[Collected data entries]

(* Let $D$ be a filter on a set $I$, let $N$ be a model, $\lambda=\|N\|+|\tau_N|$, and let $\Delta$ be the set of atomic formulas of $\mathbb L(\tau_N)$. Let $\mathscr T=({}^{\omega>}\lambda,\trianglelefteq)^I/D$ be the reduced power of the tree of finite sequences of ordinals $<\lambda$ ordered by initial segment, and let $\kappa=\min\{\mathfrak t_{\mathscr T},\mathfrak p_{\mathscr T}\}$. Then the reduced power $N^I/D$ is $(\kappa,1,\Delta)$-saturated: every set of fewer than $\kappa$ formulas $\varphi(x,\bar a)$, with $\varphi(x,\bar y)$ atomic and $\bar a$ from $N^I/D$, which is finitely satisfiable in $N^I/D$, is realized in $N^I/D$.
   Context: In the reduced power, $f/D\trianglelefteq g/D$ iff $\{i\in I: f(i)\trianglelefteq g(i)\}\in D$; atomic formulas are evaluated in $N^I/D$ in the same way (an atomic formula holds iff the set of coordinates where it holds is in $D$). For a partial order $\mathscr T$: $\mathfrak t_{\mathscr T}$ is the least infinite cardinal $\kappa$ such that there is a strictly increasing sequence of length $\kappa$ with no upper bound; a $(\kappa_1,\kappa_2)$-pre-cut is a pair $(C_1,C_2)$ of subsets with $C_1\cup C_2$ linearly ordered, every element of $C_1$ below every element of $C_2$, no element $c$ lying above all of $C_1$ and below all of $C_2$, $\mathrm{cf}(C_1)=\kappa_1$ and the cofinality of $C_2$ under the reversed order equal to $\kappa_2$; $\mathfrak p_{\mathscr T}=\min\{\kappa_1+\kappa_2:\kappa_1,\kappa_2\ge\aleph_0,\ \mathscr T$ has a $(\kappa_1,\kappa_2)$-pre-cut$\}$. *)

From mathcomp Require Import ssreflect ssrfun ssrbool eqtype ssrnat seq fintype.
From Stdlib Require List.
(* Let $f_1,\ldots,f_{i+1}\in R$, $I_i=\langle f_1,\ldots,f_i\rangle$, $I_{i+1}=\langle f_1,\ldots,f_{i+1}\rangle$ with $f_{i+1}\notin I_i$. Let $g_1,\ldots,g_M\in I_i$ be such that $\{g_1,\ldots,g_M\}$ is a Gröbner basis of $I_i$, let $p_1,\ldots,p_\ell\in I_{i+1}\setminus\{0\}$, $d_1,\ldots,d_\ell\in\mathbb{k}\setminus\{0\}$, $\tau_1,\ldots,\tau_\ell\in\mathbb{M}$, and let $$G=\{(\sigma_1\mathbf{e}_{j_1},g_1),\ldots,(\sigma_M\mathbf{e}_{j_M},g_M)\}\cup\{(\mathbf{e}_{i+1},f_{i+1}),(d_1\tau_1\mathbf{e}_{i+1},p_1),\ldots,(d_\ell\tau_\ell\mathbf{e}_{i+1},p_\ell)\}$$ with $j_1,\ldots,j_M\le i$. Assume that for every $(c\sigma\mathbf{e}_j,g)\in G$ one has $c\sigma\mathbf{e}_j\in\mathrm{sig}(g)$ and $\sigma\mathbf{e}_j=\mathrm{minsig}(g)$. Assume further that for every two elements $(c\sigma\mathbf{e}_{i+1},p),(d\tau\mathbf{e}_j,q)\in G$ with $p\ne q$, writing $u=t_{p,q}/t_p$ and $v=t_{p,q}/t_q$ and assuming $u\sigma\mathbf{e}_{i+1}\succeq v\tau\mathbf{e}_j$, one of the following holds: (i) $u\sigma\mathbf{e}_{i+1}=v\tau\mathbf{e}_j$ (as monic monomial signatures, i.e. $j=i+1$ and $u\sigma=v\tau$); or (ii) $u\sigma\mathbf{e}_{i+1}\succ v\tau\mathbf{e}_j$ and $(u\sigma\mathbf{e}_{i+1},\mathrm{S}(p,q))$ has a standard representation with respect to $G$. Then $\widehat G=\{g:(c\sigma\mathbf{e}_j,g)\in G\text{ for some } c\sigma\mathbf{e}_j\}$ is a Gröbner basis of $I_{i+1}$.
   Context: $R=\mathbb{k}[x_1,\ldots,x_n]$ over a field $\mathbb{k}$, $\mathbb{M}$ its monoid of monomials, $<$ a degree-compatible monomial ordering. For nonzero $p$: $t_p=\mathrm{lm}(p)$ (leading monomial), $c_p=\mathrm{lc}(p)$ (leading coefficient), $t_{p,q}=\mathrm{lcm}(t_p,t_q)$. The S-polynomial is $\mathrm{S}(p,q)=\frac{t_{p,q}}{t_p}p-\frac{c_p}{c_q}\frac{t_{p,q}}{t_q}q$. A standard representation of $s\in R$ with respect to a finite list $(g_1,\ldots,g_N)$ of polynomials is a tuple $(h_1,\ldots,h_N)$ in $R^N$ with $s=\sum h_kg_k$ and, for each $k$, $h_k=0$ or $\mathrm{lm}(h_k)\mathrm{lm}(g_k)\le\mathrm{lm}(s)$. Signatures: $\mathbf{e}_1,\ldots,\mathbf{e}_{i+1}$ are the canonical generators of $R^{i+1}$; a signature is a formal expression $c\tau\mathbf{e}_j$ ($c\in\mathbb{k}\setminus\{0\}$, $\tau\in\mathbb{M}$). For $p\in I_{i+1}$, if $p=h_1f_1+\cdots+h_jf_j$ with $j\le i+1$ and $h_j\ne0$, then $\mathrm{lc}(h_j)\mathrm{lm}(h_j)\mathbf{e}_j$ is a signature of $p$; $\mathrm{sig}(p)$ is the set of all of them. Order: $c\sigma\mathbf{e}_j\prec d\tau\mathbf{e}_k$ iff $j<k$, or $j=k$ and $\sigma<\tau$ (restricted to monic monomial signatures $\tau\mathbf{e}_j$ this is a well-ordering). $\mathrm{minsig}(p)$ is the unique $\prec$-minimal monic signature $\tau\mathbf{e}_j$ of $p$ (i.e. with $1\cdot\tau\mathbf{e}_j\in\mathrm{sig}(p)$). Signature standard representation: let $G=\{(c_k\mu_k\mathbf{e}_{j_k},g_k)\}_{k=1}^N$ be a finite set of pairs with $g_k\in I_{i+1}$ and $\mu_k\mathbf{e}_{j_k}=\mathrm{minsig}(g_k)$. A pair $(c\sigma\mathbf{e}_{i+1},s)$ with $s\in I_{i+1}$ has a standard representation with respect to $G$ if $c\sigma\mathbf{e}_{i+1}\in\mathrm{sig}(s)$ and there exist $h_1,\ldots,h_N\in R$ such that $(h_1,\ldots,h_N)$ is a standard representation of $s$ with respect to $(g_1,\ldots,g_N)$ and, for each $k$, $h_k=0$ or $\mathrm{lm}(h_k)\,\mathrm{minsig}(g_k)\preceq\sigma\mathbf{e}_{i+1}$ (where $t\cdot\mu\mathbf{e}_j=(t\mu)\mathbf{e}_j$). *)

From HB Require Import structures.
From mathcomp Require Import all_boot all_order all_algebra.
From mathcomp.multinomials Require Import mpoly.

Set Implicit Arguments.
Unset Strict Implicit.
Unset Printing Implicit Defensive.
Import Order.TTheory GRing.Theory.
Local Open Scope ring_scope.

(* Monomial orderings on 'X_{1..n} (monomials; multiplication of      *)
(* monomials is written additively: m1 + m2).                          *)
Record monomial_order (n : nat) := MonomialOrder {
  mo_le : rel 'X_{1..n};
  mo_refl : reflexive mo_le;
  mo_anti : antisymmetric mo_le;
  mo_trans : transitive mo_le;
  mo_total : total mo_le;
  mo_mul : forall m1 m2 m : 'X_{1..n}, mo_le m1 m2 -> mo_le (m1 + m)%MM (m2 + m)%MM;
  mo_wf : well_founded (fun a b : 'X_{1..n} => mo_le a b && (a != b))
}.

Definition mo_lt n (O : monomial_order n) (a b : 'X_{1..n}) :=
  mo_le O a b && (a != b).

Definition degree_compatible n (O : monomial_order n) :=
  forall a b : 'X_{1..n}, (mdeg a < mdeg b)%N -> mo_lt O a b.

Section Poly.
Variables (K : fieldType) (n : nat) (O : monomial_order n).
Local Notation poly := {mpoly K[n]}.
Local Notation mon := 'X_{1..n}.

(* leading monomial: the O-maximum of the support (0%MM for p = 0) *)
Definition lm (p : poly) : mon :=
  foldr (fun m acc => if mo_le O acc m then m else acc) 0%MM (msupp p).
Definition lc (p : poly) : K := p@_(lm p).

Task instructions: In the records above, locate the line that contains "Definition lm (p". Repeat it and every line after it, exactly, and nothing else.

Answer to the exercise:
Definition lm (p : poly) : mon :=
  foldr (fun m acc => if mo_le O acc m then m else acc) 0%MM (msupp p).
Definition lc (p : poly) : K := p@_(lm p).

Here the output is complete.